Никогда, даже в самом жестоком бою, я не видел, чтобы Диэнек утратил самообладание. Он всегда неколебимо сдерживал свои сердечные порывы. Теперь же мы видели, как он призывает все свои силы, чтобы вернуть себе суровость спартиата и командира. Он схватил ртом воздух с глубоким, как смертный хрип, вздохом,– звук, с которым жизнь покидает грудь умершего. Мой хозяин опустил безжизненное тело Александра и осторожно уложил на алый плащ. Правую руку он положил на то, что осталось от юноши, бывшего его подопечным и воспитанником с того самого утра, когда тот родился.
– Ты забыл про нашу охоту, Александр.
Эос, бледная заря, уже вынесла свой свет на пустынное, без облачка, небо, и можно было разглядеть звериные тропы и оленьи следы. Глаз начал различать дикие, прорытые ручьями склоны, столь схожие с Ферами на Тайгете, дубовые рощи и тенистые тропы, которые определенно изобиловали оленями и кабанами. Возможно, там водились и львы.
– А какую великолепную охоту мы бы устроили здесь этой осенью!
Глава тридцать четвертая
Предыдущие страницы были последними, доставленными Великому Царю до сожжения Афин.
В то время, за два часа до восхода, примерно через шесть недель после победы при Фермопилах, войско Великой Державы выстроилось у восточной стены города Афины. Пожарная бригада в сто двадцать тысяч человек (Как уже упоминалось, автор, следуя Геродоту, значительно завышает численность персидских войск), построившись с интервалом в две вытянутые руки, выдвинулась к столице Аттики и предала огню все храмы, святилища и общественные здания, гимнасии, жилые дома, ремесленные мастерские, школы и складские помещения.
В это время этому человеку, Ксеону, который до тех пор быстро оправлялся от ран, полученных в сражении при Горячих Воротах, опять стало хуже. Очевидно, вид пылающих Афин глубоко повлиял на него. Снова и снова он лихорадочно спрашивал о судьбе Фалерона, где, по его словам, находился храм Персефоны Окутанной, в котором нашла убежище его двоюродная сестра, женщина по имени Диомаха. Никто не мог ничего сказать о судьбе этого пригорода. Пленнику становилось все хуже, и вызвали Царского лекаря. Определенно несколько проникающих ран в области груди снова открылись, и началось сильное внутреннее кровотечение.
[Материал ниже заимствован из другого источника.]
(* Let $n_1,n_2,n_3$ be integers with $3\le n_1,n_2\le n_3$ and $3\max(n_1,n_2)\le 2n_3\le n_1n_2$. Every set $W$ produced by the Middle Cone Construction described below is a basic landmark system for $K(\mathbf{n})$.
   Context: $K(\mathbf{n})=K_{n_1}\times K_{n_2}\times K_{n_3}$: vertices are triples $(x_1,x_2,x_3)$, $1\le x_i\le n_i$, adjacent iff they differ in every coordinate. For a vertex set $W$, $W_{i,a}=\{w\in W:w_i=a\}$. Basic landmark system: $W$ such that (1) $W_{i,a}\neq\emptyset$ for all $i\in\{1,2,3\}$, $1\le a\le n_i$; (2) $|W_{i,a}|\ge2$ for all such $i,a$; (3) $|W_{i,a}\cap W_{j,b}|\le1$ whenever $i\ne j$. Multiplicities: write $n_3=qn_1+r$, $0\le r\le n_1-1$. If $r\le n_1-r$, $(\ell_1,\dots,\ell_{n_1})$ is $(q+1,q)$ repeated $r$ times followed by $n_1-2r$ copies of $q$; if $r>n_1-r$, it is $(q+1,q)$ repeated $n_1-r$ times followed by $2r-n_1$ copies of $q+1$. Let $L_i=\sum_{j<i}\ell_j$, so block $i$ consists of columns $c$ with $L_i<c\le L_i+\ell_i$; $s_i=L_i+1$. Middle Cone Construction: $W=W^L\cup W^R$, each consisting of $n_3$ landmarks indexed by columns $c=1,\dots,n_3$. Left column $c$ in block $i$ is $(i,y^L_c,c)$; right column $c$ in block $i$ is $(i+1,y^R_c,c)$ with $n_1+1$ read as $1$. Even $n_2$, $h=n_2/2$: $y^L_c=((c-1)\bmod h)+1$, $y^R_c=h+((c-1)\bmod h)+1$. Odd $n_2$, $f=(n_2-1)/2$, $k=\#\{i:\ell_i>f\}$: let $S=\{s_i:\ell_i>f\}$ if $k\ge2$ and $S=\{1\}$ if $k\le1$. Set $y^L_c=n_2$ for $c\in S$ and fill the other left columns in increasing order with $1,\dots,f,1,\dots,f,\dots$; set $y^R_c=n_2$ for $c\in S+1$ and fill the other right columns in increasing order with $f+1,\dots,2f,f+1,\dots,2f,\dots$. If $k\le1$, additionally change one left landmark of the form $(x,1,z)$ with $x\notin\{1,2,n_1\}$ to $(x,n_2,z)$ (any such choice). *)

From mathcomp Require Import all_boot.
Set Implicit Arguments. Unset Strict Implicit. Unset Printing Implicit Defensive.

(* Vertices of K(n) = K_{n1} x K_{n2} x K_{n3}: triples ((x1, x2), x3), 1-indexed. *)
Definition vtx := (nat * nat * nat)%type.
Definition mkv (x1 x2 x3 : nat) : vtx := (x1, x2, x3).

Definition coord (i : nat) (w : vtx) : nat :=
  match i with 1 => w.1.1 | 2 => w.1.2 | _ => w.2 end.

Definition dimn (n1 n2 n3 i : nat) : nat :=
  match i with 1 => n1 | 2 => n2 | _ => n3 end.

(* W is given as a list; the set W is its underlying set, and the sets
   W_{i,a} are counted on the duplicate-free list undup W. *)
Definition basic_landmark_system (n1 n2 n3 : nat) (W : seq vtx) : Prop :=
  (forall w, w \in W -> forall i, 1 <= i <= 3 -> 1 <= coord i w <= dimn n1 n2 n3 i) /\
  (forall i a, 1 <= i <= 3 -> 1 <= a <= dimn n1 n2 n3 i ->
     exists2 w, w \in W & coord i w = a) /\
  (forall i a, 1 <= i <= 3 -> 1 <= a <= dimn n1 n2 n3 i ->
     2 <= count (fun w => coord i w == a) (undup W)) /\
  (forall i j a b, 1 <= i <= 3 -> 1 <= j <= 3 -> i != j ->
     1 <= a <= dimn n1 n2 n3 i -> 1 <= b <= dimn n1 n2 n3 j ->
     count (fun w => (coord i w == a) && (coord j w == b)) (undup W) <= 1).

Definition ells (n1 n3 : nat) : seq nat :=
  let q := n3 %/ n1 in let r := n3 %% n1 in
  if r <= n1 - r then flatten (nseq r [:: q.+1; q]) ++ nseq (n1 - 2 * r) q
  else flatten (nseq (n1 - r) [:: q.+1; q]) ++ nseq (2 * r - n1) q.+1.

Definition ell (n1 n3 i : nat) : nat := nth 0 (ells n1 n3) i.-1.
Definition Lsum (n1 n3 i : nat) : nat := sumn (take i.-1 (ells n1 n3)).
Definition sfirst (n1 n3 i : nat) : nat := (Lsum n1 n3 i).+1.

Definition nxt (n1 i : nat) : nat := if i == n1 then 1 else i.+1.

Definition yL_even (n2 c : nat) : nat := let h := n2 %/ 2 in ((c - 1) %% h).+1.
Definition yR_even (n2 c : nat) : nat := let h := n2 %/ 2 in h + ((c - 1) %% h).+1.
В это время Великий Царь оставался недоступен, он находился с флотом, который готовился к неминуемому сражению с морскими силами эллинов, которые должны были появиться на рассвете. Утренней битве, с нетерпением ожидаемой флотоводцами Великого Царя, предстояло подавить всяческое сопротивление врага на море и оставить Пелопоннес беззащитным перед последним, решающим наступлением сухопутных и морских сил Великого Царя. После этого вся Греция будет покорена.
Я, историк Великого Царя, в это время получил приказ, предписывающий мне подготовить места для писцов, которые рядом с Великим Царем будут наблюдать за морским сражением и по ходу боя описывать действия воинов Великой Державы, которые заслужат отличие. Однако прежде чем заняться этим делом, я сумел провести большую часть вечера у раненого грека. Ночь с каждым часом становилась все более зловещей. Над равниной вздымался густой черный дым, а пламя в Акрополе, в торговых и жилых кварталах освещало небо, как днем. Вдобавок берег потряс неистовый толчок, обрушив многочисленные строения и даже часть городских стен. Атмосфера была грозовой, словно небеса и земля, как и люди, надевали воинские доспехи, готовясь к войне.
Все время этот человек, Ксеон, оставался спокоен и в ясной памяти. 3апрошенные Оронтом сведения достигли лекарских шатров; жрицы Персефоны, предположительно и двоюродная сестра пленного Ксеона в их числе, через залив переправились в Трезен. Казалось, это глубоко успокоило грека. Он словно знал, что не переживет эту ночь, и беспокоился теперь лишь о том, что смерть раньше времени оборвет его повествование. По его словам, он хотел, чтобы в оставшиеся часы под его диктовку записали как можно больше из заключительных часов сражения у Ворот.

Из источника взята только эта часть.